If we bin the data, there would be $10^8$ data points[t,value], but only about $1%$ are non-zero values. After binning, most of those values are zero because of those gaps.

How to improve detection efficiency(a faster method)?

A multi-threading way is possible(especially for Lomb-Scargle)?

One Answer

One way to approach it, could be to do the analysis in two steps. First, you do a sweep along your dataset, and collect all nonzero values, and their times into a (much shorter!) data structure. You collect a list of tuples [t,value] basically. Every sweep after that will be extremely fast as you can safely assume every datapoint not in your list to be zero. Clicking on your link I have a hard time understanding what I see. These are not simple csv-style datapoints. They are in the form of:

139459196.2742752731

139462208.5806673169

139462689.1677284241

139467485.6161292493

...

Are these just your times and the second number is omitted?

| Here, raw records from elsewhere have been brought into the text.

(* Fix $\alpha\in(0,1)$. Let $(P_i)_{i\ge0}$ be the $\alpha$-random walk and $X_i=1$ if $P_i$ is visible, $X_i=0$ otherwise. Then $$\mathbf V(X_1+\cdots+X_n)\ll n^{3/2}\log n,$$ with implied constant depending only on $\alpha$.
   Context: The $\alpha$-random walk: $P_0=(0,0)$ and $P_{i+1}=P_i+(1,0)$ with probability $\alpha$, $P_{i+1}=P_i+(0,1)$ with probability $1-\alpha$, independently. A lattice point $(a,b)$ is visible if $\gcd(a,b)=1$. $\mathbf V$ denotes variance. *)

From HB Require Import structures.
From mathcomp Require Import all_boot all_order all_algebra.
From mathcomp Require Import all_classical all_reals.
From mathcomp Require Import exp.
Set Implicit Arguments. Unset Strict Implicit. Unset Printing Implicit Defensive.
Import Order.TTheory GRing.Theory Num.Theory.
Local Open Scope ring_scope.

(* The first n steps of the alpha-random walk: w j = true means step j is
   (1,0) (probability alpha), false means (0,1) (probability 1-alpha). *)
Definition step_seq (n : nat) := {ffun 'I_n -> bool}.

Section Walk.
Variable R : realType.

Definition walk_prob (alpha : R) (n : nat) (w : step_seq n) : R :=
  \prod_(j < n) (if w j then alpha else 1 - alpha).

Definition posx (n : nat) (w : step_seq n) (i : nat) : nat :=
  #|[set j : 'I_n | (j < i)%N && w j]|.
Definition posy (n : nat) (w : step_seq n) (i : nat) : nat :=
  #|[set j : 'I_n | (j < i)%N && ~~ w j]|.

Definition visible (a b : nat) : bool := gcdn a b == 1%N.

Definition Xvis (n : nat) (w : step_seq n) (i : nat) : R :=
  (visible (posx w i) (posy w i))%:R.
Definition Ssum (n : nat) (w : step_seq n) : R :=
  \sum_(1 <= i < n.+1) Xvis w i.

Definition expect (alpha : R) (n : nat) (f : step_seq n -> R) : R :=
  \sum_(w : step_seq n) walk_prob alpha w * f w.

Definition variance (alpha : R) (n : nat) (f : step_seq n -> R) : R :=
  expect alpha (fun w => f w ^+ 2) - (expect alpha f) ^+ 2.

End Walk.

From HB Require Import structures.
From mathcomp Require Import all_boot all_order all_algebra.
From mathcomp Require Import all_classical all_reals.
From mathcomp Require Import exp.
From mathcomp Require Import ring lra zify.
Import Order.TTheory GRing.Theory Num.Theory.
Local Open Scope ring_scope.
Set Implicit Arguments. Unset Strict Implicit. Unset Printing Implicit Defensive.

(* P_i = (x, i - x) is visible iff x is coprime to i, where x is binomially
   distributed.  Given P_i = (k, i - k), the first coordinate of P_j (i < j) is
   k + l with l an independent binomial variable of parameter j - i, so
   P(X_j = 1 | P_i) = E[coprime(k + l, j)].  Writing coprimality with j by
   inclusion-exclusion over the primes of j, and comparing each count of
   multiples of d with its density 1/d by Abel summation, this conditional
   probability differs from the constant prod_(p | j) (1 - 1/p) by at most
   2^omega(j) times the total variation of the binomial law.  That total
   variation is O((j - i)^(-1/2)), because the successive differences of
   binomial weights are centred binomial weights, whose first absolute moment
   is O(sqrt (j - i)).  Hence cov(X_i, X_j) = O(2^omega(j) / sqrt (j - i)), and
   V(S_n) = O(n + sqrt n sum_(x <= n) 2^omega(x)) = O(n^(3/2) log n),
   as 2^omega(x) <= tau(x) and sum_(x <= n) tau(x) <= n (1 + log n). *)

Section BinomialWeights.
Variables (R : realType) (a : R).

Definition bin_weight (m k : nat) : R := 'C(m, k)%:R * a ^+ k * (1 - a) ^+ (m - k).

Lemma bin_weight_small m k : (m < k)%N -> bin_weight m k = 0.
Proof. by move=> mk; rewrite /bin_weight bin_small // !mul0r. Qed.

Lemma bin_weight00 : bin_weight 0 0 = 1.
Proof. by rewrite /bin_weight bin0 !expr0 !mulr1. Qed.

Lemma bin_weightS0 m : bin_weight m.+1 0 = (1 - a) * bin_weight m 0.
Proof. by rewrite /bin_weight !bin0 !subn0 exprS; ring. Qed.

Lemma bin_weightSS m k :
  bin_weight m.+1 k.+1 = a * bin_weight m k + (1 - a) * bin_weight m k.+1.
Proof.
rewrite /bin_weight binS subSS; case: (ltnP k m) => km.
  have -> : (m - k = (m - k.+1).+1)%N by lia.
  by rewrite natrD !exprS; ring.
by rewrite (@bin_small m k.+1) ?ltnS // add0n exprS !mul0r; ring.
Qed.

Lemma sum_bin_weightS m (G : nat -> R) :
  \sum_(0 <= k < m.+2) bin_weight m.+1 k * G k =
  \sum_(0 <= k < m.+1) bin_weight m k * (a * G k.+1 + (1 - a) * G k).
Proof.
rewrite big_nat_recl // bin_weightS0.
under eq_bigr => k _ do rewrite bin_weightSS mulrDl.
rewrite big_split /=.
under [in RHS]eq_bigr => k _ do rewrite mulrDr.
rewrite big_split /= [X in _ = _ + X]big_nat_recl // [X in _ + (_ + X) = _]big_nat_recr //=.
rewrite (@bin_weight_small m m.+1) // mulr0 mul0r addr0.
have -> : \sum_(0 <= k < m.+1) a * bin_weight m k * G k.+1 =
          \sum_(0 <= k < m.+1) bin_weight m k * (a * G k.+1).
  by apply: eq_bigr => k _; ring.
have -> : \sum_(0 <= k < m) (1 - a) * bin_weight m k.+1 * G k.+1 =
          \sum_(0 <= k < m) bin_weight m k.+1 * ((1 - a) * G k.+1).
  by apply: eq_bigr => k _; ring.
ring.
Qed.

Lemma sum_bin_weight m : \sum_(0 <= k < m.+1) bin_weight m k = 1.
Proof.
elim: m => [|m IH]; first by rewrite big_nat1 bin_weight00.
have := sum_bin_weightS m (fun _ => 1).
under eq_bigr => k _ do rewrite mulr1.
move=> ->; under eq_bigr => k _ do rewrite !mulr1 addrC subrK mulr1.
exact: IH.
Qed.

Lemma sum_bin_weight_dev_sqr m :
  \sum_(0 <= k < m.+1) bin_weight m k * (k%:R - m%:R * a) ^+ 2 = m%:R * a * (1 - a).
Proof.
elim: m => [|m IH]; first by rewrite big_nat1 mul0r subr0 expr2 !mul0r mulr0.
rewrite sum_bin_weightS.
have step k : a * (k.+1%:R - m.+1%:R * a) ^+ 2 + (1 - a) * (k%:R - m.+1%:R * a) ^+ 2 =
              (k%:R - m%:R * a) ^+ 2 + a * (1 - a).
  by rewrite -[k.+1]addn1 -[m.+1]addn1 !natrD; ring.
under eq_bigr => k _ do rewrite step mulrDr.
rewrite big_split /= IH -mulr_suml sum_bin_weight -[m.+1]addn1 natrD; ring.
Qed.

Lemma mul_bin_weight_diag m k :
  m.+1%:R * a * bin_weight m k = k.+1%:R * bin_weight m.+1 k.+1.
Proof.
rewrite /bin_weight subSS exprS.
have := congr1 (GRing.natmul (1 : R)) (mul_bin_diag m.+1 k); rewrite /= !natrM => E.
transitivity ((m.+1%:R * 'C(m, k)%:R) * a ^+ k * a * (1 - a) ^+ (m - k)); first ring.
by rewrite E; ring.
Qed.

Lemma mul_bin_weight_left m k : (k <= m)%N ->
  k.+1%:R * (1 - a) * bin_weight m k.+1 = (m%:R - k%:R) * a * bin_weight m k.
Proof.
rewrite leq_eqVlt => /predU1P[->|km]; first by rewrite bin_weight_small // subrr !mulr0 !mul0r.
have := congr1 (GRing.natmul (1 : R)) (mul_bin_left m k); rewrite /= !natrM (natrB _ (ltnW km)) => E.
have mk : (m - k = (m - k.+1).+1)%N by lia.
rewrite /bin_weight mk !exprS.
transitivity ((k.+1%:R * 'C(m, k.+1)%:R) * a ^+ k * a * (1 - a) * (1 - a) ^+ (m - k.+1)).
  by ring.
by rewrite E; ring.
Qed.

Lemma bin_weight_sub m k : (k <= m)%N ->
  m.+1%:R * a * (1 - a) * (bin_weight m k - bin_weight m k.+1) =
  bin_weight m.+1 k.+1 * (k.+1%:R - m.+1%:R * a).
Proof.
move=> km; have up := mul_bin_weight_diag m k; have down := mul_bin_weight_left km.
have k1 : (k.+1%:R : R) != 0 by rewrite pnatr_eq0.
apply: (mulfI k1); apply/eqP; rewrite -subr_eq0 -mulrBr.
set x := bin_weight m k in up down *; set y := bin_weight m k.+1 in down *.
set z := bin_weight m.+1 k.+1 in up *.
have -> : k.+1%:R * (m.+1%:R * a * (1 - a) * (x - y) - z * (k.+1%:R - m.+1%:R * a)) =
  (k.+1%:R - m.+1%:R * a) * (m.+1%:R * a * x - k.+1%:R * z)
  - m.+1%:R * a * (k.+1%:R * (1 - a) * y - (m%:R - k%:R) * a * x).
  by rewrite -[k.+1]addn1 -[m.+1]addn1 !natrD; ring.
by rewrite up down !subrr !mulr0 subrr.
Qed.

Lemma bin_weight_ge0 m k : 0 <= a <= 1 -> 0 <= bin_weight m k.
Proof.
by case/andP=> a0 a1; rewrite /bin_weight !mulr_ge0 ?exprn_ge0 ?ler0n ?subr_ge0.
Qed.

End BinomialWeights.

Section BinomialTotalVariation.
Variables (R : realType) (a : R).
Hypothesis a01 : 0 < a < 1.

Let a_itv : 0 <= a <= 1.
Proof. by case/andP: a01 => a0 a1; rewrite !ltW. Qed.

Definition bin_tv (h : nat) : R :=
  \sum_(0 <= l < h.+1) `|bin_weight a h l - bin_weight a h l.+1|.

(* AM-GM in the form |x| <= (x^2 + s^2) / 2s. *)
Lemma sum_bin_weight_abs_dev_le m s : 0 < s ->
  \sum_(0 <= k < m.+1) bin_weight a m k * `|k%:R - m%:R * a| <=
  (m%:R * a * (1 - a) + s ^+ 2) / (2 * s).
Proof.
move=> s0.
apply: (@le_trans _ _ (\sum_(0 <= k < m.+1)
    bin_weight a m k * (((k%:R - m%:R * a) ^+ 2 + s ^+ 2) / (2 * s)))).
  apply: ler_sum_nat => k _; apply: ler_wpM2l; first exact: bin_weight_ge0.
  rewrite ler_pdivlMr ?mulr_gt0 // -real_normK ?num_real //.
  by have := sqr_ge0 (`|k%:R - m%:R * a| - s); nra.
under eq_bigr => k _ do rewrite mulrA mulrDr.
by rewrite -mulr_suml big_split /= sum_bin_weight_dev_sqr -mulr_suml sum_bin_weight mul1r.
Qed.

Lemma bin_tv_ge0 h : 0 <= bin_tv h.
Proof. by apply: sumr_ge0 => l _; exact: normr_ge0. Qed.

Lemma bin_tv_sqrt_le h : a * (1 - a) * bin_tv h * Num.sqrt h.+1%:R <= 1.
Proof.
case/andP: a01 => a0 a1.
set m := h.+1; set s := Num.sqrt (m%:R : R).
have s0 : 0 < s by rewrite sqrtr_gt0 ltr0n.
have s2 : s ^+ 2 = m%:R by rewrite sqr_sqrtr // ler0n.
have tv_moment : m%:R * a * (1 - a) * bin_tv h =
    \sum_(0 <= l < h.+1) bin_weight a m l.+1 * `|l.+1%:R - m%:R * a|.
  rewrite /bin_tv mulr_sumr; apply: eq_big_nat => l /andP[_ lh].
  have c0 : 0 <= m%:R * a * (1 - a) by rewrite !mulr_ge0 ?ler0n ?subr_ge0 ?ltW.
  rewrite -{1}(ger0_norm c0) -normrM bin_weight_sub // normrM ger0_norm //.
  exact: bin_weight_ge0.
have : m%:R * a * (1 - a) * bin_tv h <= (m%:R * a * (1 - a) + s ^+ 2) / (2 * s).
  rewrite tv_moment; apply: le_trans (sum_bin_weight_abs_dev_le h.+1 s0).
  rewrite [X in _ <= X]big_nat_recl // lerDr mulr_ge0 ?normr_ge0 //.
  exact: bin_weight_ge0.
rewrite -s2 ler_pdivlMr ?mulr_gt0 // => H.
have ab : a * (1 - a) <= 1 by nra.
have tv0 := bin_tv_ge0 h.
have : s * (a * (1 - a) * bin_tv h * s) <= s * 1 by nra.
by rewrite ler_pM2l.
Qed.

Lemma bin_tv_le h : (0 < h)%N -> bin_tv h <= (a * (1 - a))^-1 / Num.sqrt h%:R.
Proof.
case/andP: a01 => a0 a1 h0.
have ab : 0 < a * (1 - a) by rewrite mulr_gt0 // subr_gt0.
have s0 : 0 < Num.sqrt (h%:R : R) by rewrite sqrtr_gt0 ltr0n.
have s_le : Num.sqrt (h%:R : R) <= Num.sqrt h.+1%:R by rewrite ler_sqrt ?ler0n // ler_nat.
rewrite -invfM -[X in _ <= X]mul1r ler_pdivlMr ?mulr_gt0 ?subr_gt0 //.
rewrite (_ : bin_tv h * _ = a * (1 - a) * bin_tv h * Num.sqrt h%:R); last by ring.
apply: le_trans (bin_tv_sqrt_le h).
by rewrite ler_wpM2l // mulr_ge0 ?bin_tv_ge0 ?ltW.
Qed.

End BinomialTotalVariation.

Lemma sum_dvd_addn d r L : (0 < d)%N ->
  (\sum_(0 <= l < L) (d %| r + l) + (r + d.-1) %/ d = (r + L + d.-1) %/ d)%N.
Proof.
move=> d0; elim: L => [|L IH]; first by rewrite big_nil add0n addn0.
rewrite big_nat_recr //= -addnA [((d %| r + L) + _)%N]addnC addnA IH.
rewrite (_ : (r + L.+1 + d.-1 = (r + L + d.-1).+1)%N); last by lia.
rewrite divnS // addnC (_ : ((r + L + d.-1).+1 = r + L + d)%N); last by lia.
by rewrite (dvdn_addl _ (dvdnn d)).
Qed.

Lemma sum_dvd_addn_bounds d r L : (0 < d)%N ->
  (d * \sum_(0 <= l < L) (d %| r + l) <= L + d)%N /\
  (L <= d * \sum_(0 <= l < L) (d %| r + l) + d)%N.
Proof.
move=> d0; have := sum_dvd_addn r L d0.
have := divn_eq (r + L + d.-1) d; have := divn_eq (r + d.-1) d.
have := ltn_pmod (r + L + d.-1) d0; have := ltn_pmod (r + d.-1) d0.
move: (\sum_(0 <= l < L) _)%N => c; split; nia.
Qed.

Lemma sum_dvd_sub_inv_le1 (R : realType) d r L : (0 < d)%N ->
  `|\sum_(0 <= l < L) (((d %| r + l)%N%:R : R) - d%:R^-1)| <= 1.
Proof.
move=> d0; have [up low] := sum_dvd_addn_bounds r L d0.
have dR : (0 : R) < d%:R by rewrite ltr0n.
rewrite big_split /= -natr_sum sumr_const_nat subn0.
move: (\sum_(0 <= l < L) _)%N up low => c up low.
have -> : c%:R + - d%:R^-1 *+ L = (d%:R * c%:R - L%:R) / d%:R :> R.
  by rewrite mulNrn -mulr_natr; field; rewrite pnatr_eq0 -lt0n.
rewrite normrM [`|d%:R^-1|]ger0_norm ?invr_ge0 ?ler0n // ler_pdivrMr // mul1r ler_norml.
have upR : d%:R * c%:R <= L%:R + d%:R :> R by rewrite -natrM -natrD ler_nat.
have lowR : L%:R <= d%:R * c%:R + d%:R :> R by rewrite -natrM -natrD ler_nat.
by apply/andP; split; lra.
Qed.

Lemma abel_summation (R : comPzRingType) (b u : nat -> R) N :
  \sum_(0 <= l < N) b l * u l =
  \sum_(0 <= l < N) (b l - b l.+1) * \sum_(0 <= t < l.+1) u t
  + b N * \sum_(0 <= t < N) u t.
Proof.
elim: N => [|N IH]; first by rewrite !big_nil mulr0 addr0.
by rewrite !big_nat_recr //= IH; ring.
Qed.

Section BinomialSieve.
Variables (R : realType) (a : R) (h : nat).

Lemma bin_weight_dvd_density_le d r : (0 < d)%N ->
  `|\sum_(0 <= l < h.+1) bin_weight a h l * (d %| r + l)%N%:R - d%:R^-1| <= bin_tv a h.
Proof.
move=> d0.
have -> : \sum_(0 <= l < h.+1) bin_weight a h l * (d %| r + l)%N%:R - d%:R^-1 =
          \sum_(0 <= l < h.+1) bin_weight a h l * ((d %| r + l)%N%:R - d%:R^-1).
  under [RHS]eq_bigr => l _ do rewrite mulrBr.
  by rewrite sumrB -mulr_suml sum_bin_weight mul1r.
rewrite abel_summation bin_weight_small // mul0r addr0.
apply: le_trans (ler_norm_sum _ _ _) _; apply: ler_sum_nat => l _.
rewrite normrM -[X in _ <= X]mulr1 ler_wpM2l ?normr_ge0 //.
exact: sum_dvd_sub_inv_le1.
Qed.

How do you want to go about the periodicity detection? The obvious way here is to use a fourier transform which, after transform, will show you at which frequencies you have periodicity. Have you researched fast-fourier-transforms for python: (scipy.fftpack) ? I would be surprised if there would be no parallel implementation for a fourier transform in python. If that is still not fast enough there is the FFTW-library, boldly calling itself "Fastest Fourier Transform in The West", but I have to warn you that it is a pain in the ass to use. [EDIT:] There is a pyhton wrapper for FFTW pyFFTW.

You seem to have an impressive ammount of data. You might get away with doing some averaging, depending on your precision needs. If you take the first, say 10, datapoints, and take the maximum amplitude, store in a shorter array, and repeat for the following. You may shorten your dataset significantly (with loss in precision on your time axis of course).